PROBLEM DETAILS -> When you reach the line containing "From mathcomp Require Import all_boot all_order" in the records below, start copying exactly, and stop once you have copied the line containing "(forall x, phi (- x) = phi x) /\".

# # # # #

(* Bracketing Par_i (paper index i >= 1): a letter i+1 (ordinal row i) is "(",
   a letter i (ordinal row i-1) is ")". Scanning left to right, each ")"
   matches the nearest preceding still-unmatched "(" (this is exactly the
   iterative matching of adjacent pairs).  [unm i s stk] returns the cells of
   the unmatched "(" letters (stk = currently unmatched "(" cells). *)
Fixpoint unm (L n : nat) (i : nat) (s stk : seq ('I_L * 'I_n)) : seq ('I_L * 'I_n) :=
  match s with
  | [::] => stk
  | x :: s' =>
      if val x.1 == i then unm i s' (x :: stk)
      else if val x.1 == i.-1 then unm i s' (behead stk)
      else unm i s' stk
  end.

Definition estar (L n : nat) (i : nat) (B : grid L n) : grid L n :=
  let U := unm i (cw B) [::] in
  let moved := [set c : 'I_n | has (fun x => x.2 == c) U] in
  [ffun r : 'I_L =>
     if val r == i.-1 then B r :|: moved
     else if val r == i then B r :\: moved
     else B r].

(* rotation by 90 degrees counterclockwise: the ball in cell (r,c) (paper,
   1-indexed) goes to cell (c, L+1-r); 0-indexed: (r,c) |-> (c, rev_ord r). *)
Definition rot (L n : nat) (B : grid L n) : grid n L :=
  [ffun c : 'I_n => [set r' : 'I_L | c \in B (rev_ord r')]].

Definition rotinv (L n : nat) (C : grid n L) : grid L n :=
  [ffun r : 'I_L => [set c : 'I_n | rev_ord r \in C c]].

Definition edown (L n : nat) (i : nat) (B : grid L n) : grid L n := estar i B.
Definition eleft (L n : nat) (j : nat) (B : grid L n) : grid L n :=
  rotinv (estar j (rot B)).

From mathcomp Require Import all_boot zify.
(* Let $\varphi$ be an Orlicz $N$-function with Young–Fenchel transform $\psi$. Let $\{X_{k,n},k\ge1,n\ge1\}$ be a double array of $\varphi$-subgaussian random variables, let $g$ be a positive non-decreasing function, set $a_{m,j}=g(\ln(mj))\psi^{-1}(\ln(mj))$, $Y_{m,j}=\max_{1\le k\le m,1\le n\le j}X_{k,n}-a_{m,j}$ and $Y^+_{m,j}=\max(Y_{m,j},0)$. Let $\alpha\in\mathbb R$. Suppose there is a positive-valued function $f$ such that for all $m,j\ge1$, $1\le k\le m$, $1\le n\le j$, $$\frac{g(\ln(mj))}{\tau_\varphi(X_{k,n})}\ge f\left(\frac{mj}{kn}\right)\ge1,$$ and $$\sum_{m=1}^\infty\sum_{j=1}^\infty\sum_{k=1}^m\sum_{n=1}^j(mj)^{-\alpha-f\left(\frac{mj}{kn}\right)}<+\infty.$$ Then $$\sum_{m=1}^\infty\sum_{j=1}^\infty(mj)^{-\alpha}P(Y^+_{m,j}>0)<+\infty.$$
   Context: An Orlicz $N$-function is a continuous even convex function $\varphi:\mathbb R\to\mathbb R$ with $\varphi(0)=0$, increasing on $(0,\infty)$, with $\varphi(x)/x\to0$ as $x\to0$ and $\varphi(x)/x\to+\infty$ as $x\to+\infty$. The Young–Fenchel transform is $\psi(x)=\sup_{y\in\mathbb R}(xy-\varphi(y))$ (itself an Orlicz $N$-function); $\psi^{-1}$ is the inverse of $\psi$ on $[0,\infty)$. A random variable $X$ is $\varphi$-subgaussian if $EX=0$ and there is a finite $a>0$ with $E\exp(tX)\le\exp(\varphi(at))$ for all $t$; $\tau_\varphi(X)=\inf\{a>0:E\exp(tX)\le\exp(\varphi(at))\ \forall t\}$. *)

From HB Require Import structures.
From mathcomp Require Import all_boot all_order all_algebra.
From mathcomp Require Import all_classical all_reals all_analysis.
Set Implicit Arguments. Unset Strict Implicit. Unset Printing Implicit Defensive.
Import Order.TTheory GRing.Theory Num.Theory.
Import numFieldNormedType.Exports.
Local Open Scope classical_set_scope.
Local Open Scope ring_scope.

Definition N_function (R : realType) (phi : R -> R) : Prop :=
  continuous phi /\
  (forall x, phi (- x) = phi x) /\
  (forall x y (l : R), 0 <= l <= 1 ->
     phi (l * x + (1 - l) * y) <= l * phi x + (1 - l) * phi y) /\
  phi 0 = 0 /\
  (forall x y, 0 < x -> x < y -> phi x < phi y) /\
  (fun x => phi x / x) @ 0^' --> 0 /\
  (fun x => phi x / x) @ +oo --> +oo.

Definition young_fenchel (R : realType) (phi : R -> R) (x : R) : R :=
  sup [set x * y - phi y | y in [set: R]].

(* inverse of psi on [0,oo): psi is a continuous increasing bijection of
   [0,oo) onto itself, so psi^{-1}(x) = sup {y >= 0 | psi y <= x}. *)
Definition young_fenchel_inv (R : realType) (phi : R -> R) (x : R) : R :=
  sup [set y | 0 <= y /\ young_fenchel phi y <= x].

Definition mgf_bound (R : realType) d (T : measurableType d)
  (P : probability T R) (phi : R -> R) (X : T -> R) (a : R) : Prop :=
  forall t : R, (\int[P]_w (expR (t * X w))%:E <= (expR (phi (a * t)))%:E)%E.

Definition phi_subgaussian (R : realType) d (T : measurableType d)
  (P : probability T R) (phi : R -> R) (X : {RV P >-> R}) : Prop :=
  P.-integrable setT (EFin \o X) /\ ('E_P[X] = 0)%E /\
  exists a : R, 0 < a /\ mgf_bound P phi X a.

Definition tau_phi (R : realType) d (T : measurableType d)
  (P : probability T R) (phi : R -> R) (X : T -> R) : R :=
  inf [set a : R | 0 < a /\ mgf_bound P phi X a].

Definition max_array (R : realType) (T : Type) (X : nat -> nat -> T -> R)
  (m j : nat) (w : T) : R :=
  \big[Num.max/X 1%N 1%N w]_(1 <= k < m.+1)
     \big[Num.max/X 1%N 1%N w]_(1 <= n < j.+1) X k n w.

Arguments mgf_bound {R d T} P phi X a.
Arguments phi_subgaussian {R d T} P phi X.
Arguments tau_phi {R d T} P phi X.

# # # # #

ANSWER TO THIS TASK ->
From mathcomp Require Import all_boot all_order all_algebra.
From mathcomp Require Import all_classical all_reals all_analysis.
Set Implicit Arguments. Unset Strict Implicit. Unset Printing Implicit Defensive.
Import Order.TTheory GRing.Theory Num.Theory.
Import numFieldNormedType.Exports.
Local Open Scope classical_set_scope.
Local Open Scope ring_scope.

Definition N_function (R : realType) (phi : R -> R) : Prop :=
  continuous phi /\
  (forall x, phi (- x) = phi x) /\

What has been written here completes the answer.